WHAT YOU NEED TO DO: Below are entries. Reproduce exactly the lines between the line holding "have /(mulfI XsubC1_neq0)" and the line holding "by rewrite !mulf_neq0", inclusive, and only those.

(Stored records)
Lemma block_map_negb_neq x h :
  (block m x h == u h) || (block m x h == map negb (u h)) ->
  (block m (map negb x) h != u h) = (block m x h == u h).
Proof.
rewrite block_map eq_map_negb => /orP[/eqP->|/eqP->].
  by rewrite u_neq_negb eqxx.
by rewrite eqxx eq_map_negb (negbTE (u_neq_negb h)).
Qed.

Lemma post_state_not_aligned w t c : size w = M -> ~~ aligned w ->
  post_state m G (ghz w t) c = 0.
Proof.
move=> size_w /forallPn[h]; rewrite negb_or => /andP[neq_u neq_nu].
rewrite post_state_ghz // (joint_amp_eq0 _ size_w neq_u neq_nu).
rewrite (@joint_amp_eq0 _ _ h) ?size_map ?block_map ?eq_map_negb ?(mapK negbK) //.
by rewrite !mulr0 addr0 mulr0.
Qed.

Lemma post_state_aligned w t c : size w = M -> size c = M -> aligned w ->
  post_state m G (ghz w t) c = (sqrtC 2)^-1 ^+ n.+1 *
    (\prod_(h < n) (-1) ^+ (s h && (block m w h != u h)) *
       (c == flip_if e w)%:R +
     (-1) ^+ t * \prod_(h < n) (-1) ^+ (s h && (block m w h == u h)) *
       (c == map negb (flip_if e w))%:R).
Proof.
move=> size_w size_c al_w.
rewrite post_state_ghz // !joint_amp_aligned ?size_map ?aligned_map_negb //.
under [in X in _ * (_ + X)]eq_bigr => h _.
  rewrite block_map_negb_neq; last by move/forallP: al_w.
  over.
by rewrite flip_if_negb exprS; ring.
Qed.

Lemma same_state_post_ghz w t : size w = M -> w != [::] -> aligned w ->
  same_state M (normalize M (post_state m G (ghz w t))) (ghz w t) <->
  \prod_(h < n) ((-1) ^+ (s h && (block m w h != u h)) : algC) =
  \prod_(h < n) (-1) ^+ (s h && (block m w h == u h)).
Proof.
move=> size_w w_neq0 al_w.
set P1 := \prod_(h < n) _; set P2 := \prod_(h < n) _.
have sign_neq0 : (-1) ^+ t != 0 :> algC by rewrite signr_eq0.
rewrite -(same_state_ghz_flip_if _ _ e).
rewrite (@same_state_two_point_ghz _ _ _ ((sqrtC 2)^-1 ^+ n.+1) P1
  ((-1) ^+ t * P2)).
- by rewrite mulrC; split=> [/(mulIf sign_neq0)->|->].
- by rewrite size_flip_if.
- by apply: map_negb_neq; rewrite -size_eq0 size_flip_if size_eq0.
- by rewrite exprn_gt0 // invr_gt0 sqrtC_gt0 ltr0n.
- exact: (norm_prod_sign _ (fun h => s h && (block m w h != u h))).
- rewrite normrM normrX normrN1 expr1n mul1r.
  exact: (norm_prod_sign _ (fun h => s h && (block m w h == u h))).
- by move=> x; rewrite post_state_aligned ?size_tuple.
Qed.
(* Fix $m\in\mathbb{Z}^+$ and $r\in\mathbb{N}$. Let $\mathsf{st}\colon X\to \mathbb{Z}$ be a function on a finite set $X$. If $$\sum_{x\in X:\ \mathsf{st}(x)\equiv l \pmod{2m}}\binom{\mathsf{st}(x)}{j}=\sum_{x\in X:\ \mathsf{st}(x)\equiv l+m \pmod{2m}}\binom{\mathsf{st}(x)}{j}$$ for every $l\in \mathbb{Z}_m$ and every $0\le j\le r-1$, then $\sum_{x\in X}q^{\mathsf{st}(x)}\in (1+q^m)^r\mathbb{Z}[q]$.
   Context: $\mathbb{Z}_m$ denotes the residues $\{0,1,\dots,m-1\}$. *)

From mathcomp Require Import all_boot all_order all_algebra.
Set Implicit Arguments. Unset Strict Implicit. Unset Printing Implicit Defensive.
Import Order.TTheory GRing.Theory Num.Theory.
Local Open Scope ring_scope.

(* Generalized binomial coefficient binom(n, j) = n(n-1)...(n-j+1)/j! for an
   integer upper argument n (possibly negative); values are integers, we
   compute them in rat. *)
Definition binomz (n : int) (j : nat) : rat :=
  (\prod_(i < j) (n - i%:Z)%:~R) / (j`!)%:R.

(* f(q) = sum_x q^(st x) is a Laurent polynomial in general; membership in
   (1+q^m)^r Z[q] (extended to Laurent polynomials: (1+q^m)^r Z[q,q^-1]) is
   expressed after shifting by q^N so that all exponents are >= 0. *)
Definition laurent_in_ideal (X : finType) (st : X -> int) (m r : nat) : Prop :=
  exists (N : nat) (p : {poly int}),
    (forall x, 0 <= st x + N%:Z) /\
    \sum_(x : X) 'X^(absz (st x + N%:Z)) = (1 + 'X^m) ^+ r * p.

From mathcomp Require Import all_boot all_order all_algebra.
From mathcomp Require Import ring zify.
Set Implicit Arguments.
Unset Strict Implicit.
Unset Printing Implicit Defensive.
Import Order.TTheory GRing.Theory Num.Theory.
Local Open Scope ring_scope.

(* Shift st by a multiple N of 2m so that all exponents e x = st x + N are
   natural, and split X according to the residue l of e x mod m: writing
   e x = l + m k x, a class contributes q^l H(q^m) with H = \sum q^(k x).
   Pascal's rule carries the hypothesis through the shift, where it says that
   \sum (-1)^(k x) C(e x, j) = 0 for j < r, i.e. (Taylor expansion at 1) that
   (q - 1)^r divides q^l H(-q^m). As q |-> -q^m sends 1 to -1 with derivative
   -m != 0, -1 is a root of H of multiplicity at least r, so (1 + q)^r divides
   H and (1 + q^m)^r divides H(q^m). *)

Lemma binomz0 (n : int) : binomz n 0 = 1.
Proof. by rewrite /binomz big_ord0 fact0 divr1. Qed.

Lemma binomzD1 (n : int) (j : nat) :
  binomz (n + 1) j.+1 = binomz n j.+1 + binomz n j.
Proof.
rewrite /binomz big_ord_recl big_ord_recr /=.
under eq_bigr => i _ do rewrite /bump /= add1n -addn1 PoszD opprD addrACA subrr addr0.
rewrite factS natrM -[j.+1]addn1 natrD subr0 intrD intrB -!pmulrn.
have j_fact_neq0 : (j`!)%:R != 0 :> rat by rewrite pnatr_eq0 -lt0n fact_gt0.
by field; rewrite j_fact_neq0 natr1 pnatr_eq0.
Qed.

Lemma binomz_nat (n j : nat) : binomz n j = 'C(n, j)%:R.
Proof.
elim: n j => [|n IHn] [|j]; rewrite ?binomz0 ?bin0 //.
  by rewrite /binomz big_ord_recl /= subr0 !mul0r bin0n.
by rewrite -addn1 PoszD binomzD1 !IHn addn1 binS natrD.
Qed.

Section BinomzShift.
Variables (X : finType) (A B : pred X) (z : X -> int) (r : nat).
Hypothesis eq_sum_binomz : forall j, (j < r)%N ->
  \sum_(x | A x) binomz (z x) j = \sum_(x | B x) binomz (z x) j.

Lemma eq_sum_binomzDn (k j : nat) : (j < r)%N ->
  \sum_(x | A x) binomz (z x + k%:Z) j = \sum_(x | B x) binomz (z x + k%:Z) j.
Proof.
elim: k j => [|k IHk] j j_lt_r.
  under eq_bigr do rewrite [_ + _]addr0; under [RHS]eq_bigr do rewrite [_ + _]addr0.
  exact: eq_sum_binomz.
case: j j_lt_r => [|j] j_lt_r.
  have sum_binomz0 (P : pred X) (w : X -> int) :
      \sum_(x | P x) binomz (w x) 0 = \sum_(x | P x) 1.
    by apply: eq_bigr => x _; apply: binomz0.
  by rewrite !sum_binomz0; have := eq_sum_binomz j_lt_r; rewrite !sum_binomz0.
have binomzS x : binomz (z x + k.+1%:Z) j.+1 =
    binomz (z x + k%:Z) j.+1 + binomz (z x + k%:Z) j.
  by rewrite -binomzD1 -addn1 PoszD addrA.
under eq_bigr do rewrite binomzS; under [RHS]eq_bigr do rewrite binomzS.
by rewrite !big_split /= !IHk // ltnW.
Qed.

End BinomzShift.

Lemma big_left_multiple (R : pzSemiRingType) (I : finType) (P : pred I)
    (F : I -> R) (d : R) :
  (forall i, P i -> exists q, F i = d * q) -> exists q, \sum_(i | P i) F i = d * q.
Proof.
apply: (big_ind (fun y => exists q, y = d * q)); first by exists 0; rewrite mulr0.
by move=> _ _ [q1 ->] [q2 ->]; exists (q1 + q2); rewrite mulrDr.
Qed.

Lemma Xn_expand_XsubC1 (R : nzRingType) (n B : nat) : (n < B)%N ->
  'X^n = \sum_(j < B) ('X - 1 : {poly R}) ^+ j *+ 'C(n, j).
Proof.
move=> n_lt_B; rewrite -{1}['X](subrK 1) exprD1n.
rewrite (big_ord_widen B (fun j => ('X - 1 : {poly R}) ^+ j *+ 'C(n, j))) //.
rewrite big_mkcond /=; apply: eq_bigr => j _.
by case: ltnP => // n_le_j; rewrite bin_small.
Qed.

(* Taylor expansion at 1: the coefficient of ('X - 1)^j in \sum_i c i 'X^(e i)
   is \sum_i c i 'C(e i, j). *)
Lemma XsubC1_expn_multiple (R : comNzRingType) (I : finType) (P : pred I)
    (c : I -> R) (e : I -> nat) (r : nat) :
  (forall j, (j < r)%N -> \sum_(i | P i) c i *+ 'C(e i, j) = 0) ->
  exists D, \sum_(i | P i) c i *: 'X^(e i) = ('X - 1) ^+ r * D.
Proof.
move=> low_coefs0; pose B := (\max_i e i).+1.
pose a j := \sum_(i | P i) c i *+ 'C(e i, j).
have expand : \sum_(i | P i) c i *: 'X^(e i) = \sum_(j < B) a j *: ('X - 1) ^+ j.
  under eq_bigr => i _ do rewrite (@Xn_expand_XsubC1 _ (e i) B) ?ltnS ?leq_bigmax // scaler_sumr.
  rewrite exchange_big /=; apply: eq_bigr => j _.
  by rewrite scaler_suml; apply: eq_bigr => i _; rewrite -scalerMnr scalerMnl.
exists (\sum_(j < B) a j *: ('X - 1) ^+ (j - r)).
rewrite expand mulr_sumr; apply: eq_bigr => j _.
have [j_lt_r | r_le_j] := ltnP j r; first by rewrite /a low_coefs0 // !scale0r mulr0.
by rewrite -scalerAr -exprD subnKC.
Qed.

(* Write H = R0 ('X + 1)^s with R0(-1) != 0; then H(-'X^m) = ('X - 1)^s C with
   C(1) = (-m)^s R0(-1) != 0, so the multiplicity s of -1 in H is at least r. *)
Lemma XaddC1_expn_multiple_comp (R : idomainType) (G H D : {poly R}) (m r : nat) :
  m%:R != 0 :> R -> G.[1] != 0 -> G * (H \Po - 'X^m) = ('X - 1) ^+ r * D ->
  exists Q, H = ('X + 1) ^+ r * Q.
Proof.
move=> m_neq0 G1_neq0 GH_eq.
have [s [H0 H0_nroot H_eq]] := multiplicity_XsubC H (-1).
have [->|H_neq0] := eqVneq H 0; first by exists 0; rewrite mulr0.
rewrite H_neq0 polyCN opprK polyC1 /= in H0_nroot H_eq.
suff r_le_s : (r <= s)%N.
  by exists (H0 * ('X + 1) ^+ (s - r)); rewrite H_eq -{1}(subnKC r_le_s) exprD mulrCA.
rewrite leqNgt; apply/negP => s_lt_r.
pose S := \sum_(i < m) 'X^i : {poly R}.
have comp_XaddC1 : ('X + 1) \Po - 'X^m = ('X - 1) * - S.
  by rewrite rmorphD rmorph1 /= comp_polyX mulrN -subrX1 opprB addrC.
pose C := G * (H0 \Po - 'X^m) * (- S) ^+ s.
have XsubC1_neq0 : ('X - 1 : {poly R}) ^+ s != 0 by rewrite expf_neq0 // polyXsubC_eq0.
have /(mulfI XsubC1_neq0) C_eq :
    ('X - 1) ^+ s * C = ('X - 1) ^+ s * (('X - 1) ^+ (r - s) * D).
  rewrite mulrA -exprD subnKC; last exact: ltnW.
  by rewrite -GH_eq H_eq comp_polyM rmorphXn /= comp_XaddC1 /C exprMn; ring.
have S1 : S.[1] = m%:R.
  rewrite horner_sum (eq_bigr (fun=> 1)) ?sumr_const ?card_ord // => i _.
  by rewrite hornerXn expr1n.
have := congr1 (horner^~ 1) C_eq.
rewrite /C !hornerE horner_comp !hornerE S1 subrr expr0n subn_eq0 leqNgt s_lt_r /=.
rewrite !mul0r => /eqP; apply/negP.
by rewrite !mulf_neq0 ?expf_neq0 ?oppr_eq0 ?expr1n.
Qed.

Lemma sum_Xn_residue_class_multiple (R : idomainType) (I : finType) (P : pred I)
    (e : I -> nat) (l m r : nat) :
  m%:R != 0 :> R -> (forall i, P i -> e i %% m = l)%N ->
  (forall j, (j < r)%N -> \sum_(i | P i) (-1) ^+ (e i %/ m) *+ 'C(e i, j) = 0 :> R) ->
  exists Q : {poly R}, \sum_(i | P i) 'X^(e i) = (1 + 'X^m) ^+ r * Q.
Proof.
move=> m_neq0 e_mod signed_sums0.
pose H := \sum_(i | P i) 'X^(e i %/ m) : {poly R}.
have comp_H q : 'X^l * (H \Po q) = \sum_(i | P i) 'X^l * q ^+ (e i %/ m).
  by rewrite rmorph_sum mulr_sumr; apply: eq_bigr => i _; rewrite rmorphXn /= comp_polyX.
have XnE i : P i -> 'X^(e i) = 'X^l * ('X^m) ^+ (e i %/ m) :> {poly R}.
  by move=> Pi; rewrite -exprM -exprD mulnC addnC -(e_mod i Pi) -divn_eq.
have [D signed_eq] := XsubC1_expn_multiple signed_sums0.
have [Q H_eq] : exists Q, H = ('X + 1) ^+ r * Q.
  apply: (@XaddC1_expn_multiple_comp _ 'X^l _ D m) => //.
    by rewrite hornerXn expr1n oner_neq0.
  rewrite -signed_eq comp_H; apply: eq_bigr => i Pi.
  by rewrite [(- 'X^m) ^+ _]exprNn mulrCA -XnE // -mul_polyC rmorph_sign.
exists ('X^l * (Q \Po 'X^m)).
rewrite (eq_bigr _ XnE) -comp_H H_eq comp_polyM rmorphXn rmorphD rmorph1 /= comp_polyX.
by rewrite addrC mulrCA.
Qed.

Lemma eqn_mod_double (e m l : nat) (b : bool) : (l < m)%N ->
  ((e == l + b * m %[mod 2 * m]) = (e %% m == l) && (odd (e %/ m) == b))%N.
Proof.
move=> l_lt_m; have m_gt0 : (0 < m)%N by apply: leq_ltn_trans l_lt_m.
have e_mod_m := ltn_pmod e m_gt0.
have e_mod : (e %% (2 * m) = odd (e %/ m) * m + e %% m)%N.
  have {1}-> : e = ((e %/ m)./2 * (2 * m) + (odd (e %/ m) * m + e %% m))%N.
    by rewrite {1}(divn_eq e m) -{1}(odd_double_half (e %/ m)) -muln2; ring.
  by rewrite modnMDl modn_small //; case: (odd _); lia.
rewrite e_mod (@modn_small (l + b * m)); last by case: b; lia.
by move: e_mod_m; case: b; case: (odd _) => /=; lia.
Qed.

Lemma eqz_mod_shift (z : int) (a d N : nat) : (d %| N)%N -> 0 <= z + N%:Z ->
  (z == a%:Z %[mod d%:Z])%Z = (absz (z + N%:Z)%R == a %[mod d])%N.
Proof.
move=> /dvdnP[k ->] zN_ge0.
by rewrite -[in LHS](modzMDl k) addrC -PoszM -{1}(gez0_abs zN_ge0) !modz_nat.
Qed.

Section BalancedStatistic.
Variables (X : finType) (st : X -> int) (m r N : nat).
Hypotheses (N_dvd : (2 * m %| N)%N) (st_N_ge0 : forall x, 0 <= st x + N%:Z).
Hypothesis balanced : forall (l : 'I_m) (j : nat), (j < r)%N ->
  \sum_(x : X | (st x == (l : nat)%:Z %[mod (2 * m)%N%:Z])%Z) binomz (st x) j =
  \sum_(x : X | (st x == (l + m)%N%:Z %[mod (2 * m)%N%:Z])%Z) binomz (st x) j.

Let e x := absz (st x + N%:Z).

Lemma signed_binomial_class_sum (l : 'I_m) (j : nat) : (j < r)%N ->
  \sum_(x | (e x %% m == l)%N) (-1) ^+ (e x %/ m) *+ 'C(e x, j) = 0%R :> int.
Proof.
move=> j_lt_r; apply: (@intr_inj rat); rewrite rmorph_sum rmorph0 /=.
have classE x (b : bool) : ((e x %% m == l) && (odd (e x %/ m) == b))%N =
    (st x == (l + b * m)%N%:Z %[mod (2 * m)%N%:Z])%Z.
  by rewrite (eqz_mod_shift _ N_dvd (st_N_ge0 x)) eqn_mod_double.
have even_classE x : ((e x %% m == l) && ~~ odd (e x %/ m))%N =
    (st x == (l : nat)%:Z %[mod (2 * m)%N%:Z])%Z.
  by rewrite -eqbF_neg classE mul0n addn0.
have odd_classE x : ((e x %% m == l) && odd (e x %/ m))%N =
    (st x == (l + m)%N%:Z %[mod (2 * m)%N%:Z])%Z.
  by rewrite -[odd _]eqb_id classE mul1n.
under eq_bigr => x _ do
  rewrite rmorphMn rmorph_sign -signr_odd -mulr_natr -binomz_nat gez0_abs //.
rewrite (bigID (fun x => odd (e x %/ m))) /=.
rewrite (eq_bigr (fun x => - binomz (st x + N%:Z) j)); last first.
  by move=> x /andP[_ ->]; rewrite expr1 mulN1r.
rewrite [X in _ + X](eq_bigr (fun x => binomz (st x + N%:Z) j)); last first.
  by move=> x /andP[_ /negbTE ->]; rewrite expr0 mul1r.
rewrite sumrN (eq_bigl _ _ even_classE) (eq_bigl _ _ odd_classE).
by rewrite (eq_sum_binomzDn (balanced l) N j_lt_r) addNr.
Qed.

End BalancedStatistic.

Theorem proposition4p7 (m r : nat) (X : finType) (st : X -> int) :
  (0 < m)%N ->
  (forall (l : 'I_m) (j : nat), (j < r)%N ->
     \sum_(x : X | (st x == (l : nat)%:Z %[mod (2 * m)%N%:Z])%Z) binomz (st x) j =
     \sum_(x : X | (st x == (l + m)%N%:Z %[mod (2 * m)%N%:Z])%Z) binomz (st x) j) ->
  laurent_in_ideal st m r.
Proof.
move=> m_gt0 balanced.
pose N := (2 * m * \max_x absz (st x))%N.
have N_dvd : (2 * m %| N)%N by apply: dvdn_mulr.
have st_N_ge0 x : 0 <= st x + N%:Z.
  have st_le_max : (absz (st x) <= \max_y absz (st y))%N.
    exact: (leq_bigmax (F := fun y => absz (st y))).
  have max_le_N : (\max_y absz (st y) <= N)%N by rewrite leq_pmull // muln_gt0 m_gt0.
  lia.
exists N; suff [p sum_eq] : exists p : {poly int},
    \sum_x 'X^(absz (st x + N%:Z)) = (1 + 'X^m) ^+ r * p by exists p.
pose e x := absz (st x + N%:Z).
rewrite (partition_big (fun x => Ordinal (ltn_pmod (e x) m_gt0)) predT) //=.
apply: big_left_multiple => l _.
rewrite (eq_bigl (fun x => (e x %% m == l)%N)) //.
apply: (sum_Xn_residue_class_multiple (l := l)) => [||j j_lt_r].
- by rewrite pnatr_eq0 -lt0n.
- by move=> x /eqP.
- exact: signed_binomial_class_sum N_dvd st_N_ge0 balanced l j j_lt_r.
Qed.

PROBLEM SOLUTION:
have /(mulfI XsubC1_neq0) C_eq :
    ('X - 1) ^+ s * C = ('X - 1) ^+ s * (('X - 1) ^+ (r - s) * D).
  rewrite mulrA -exprD subnKC; last exact: ltnW.
  by rewrite -GH_eq H_eq comp_polyM rmorphXn /= comp_XaddC1 /C exprMn; ring.
have S1 : S.[1] = m%:R.
  rewrite horner_sum (eq_bigr (fun=> 1)) ?sumr_const ?card_ord // => i _.
  by rewrite hornerXn expr1n.
have := congr1 (horner^~ 1) C_eq.
rewrite /C !hornerE horner_comp !hornerE S1 subrr expr0n subn_eq0 leqNgt s_lt_r /=.
rewrite !mul0r => /eqP; apply/negP.
by rewrite !mulf_neq0 ?expf_neq0 ?oppr_eq0 ?expr1n.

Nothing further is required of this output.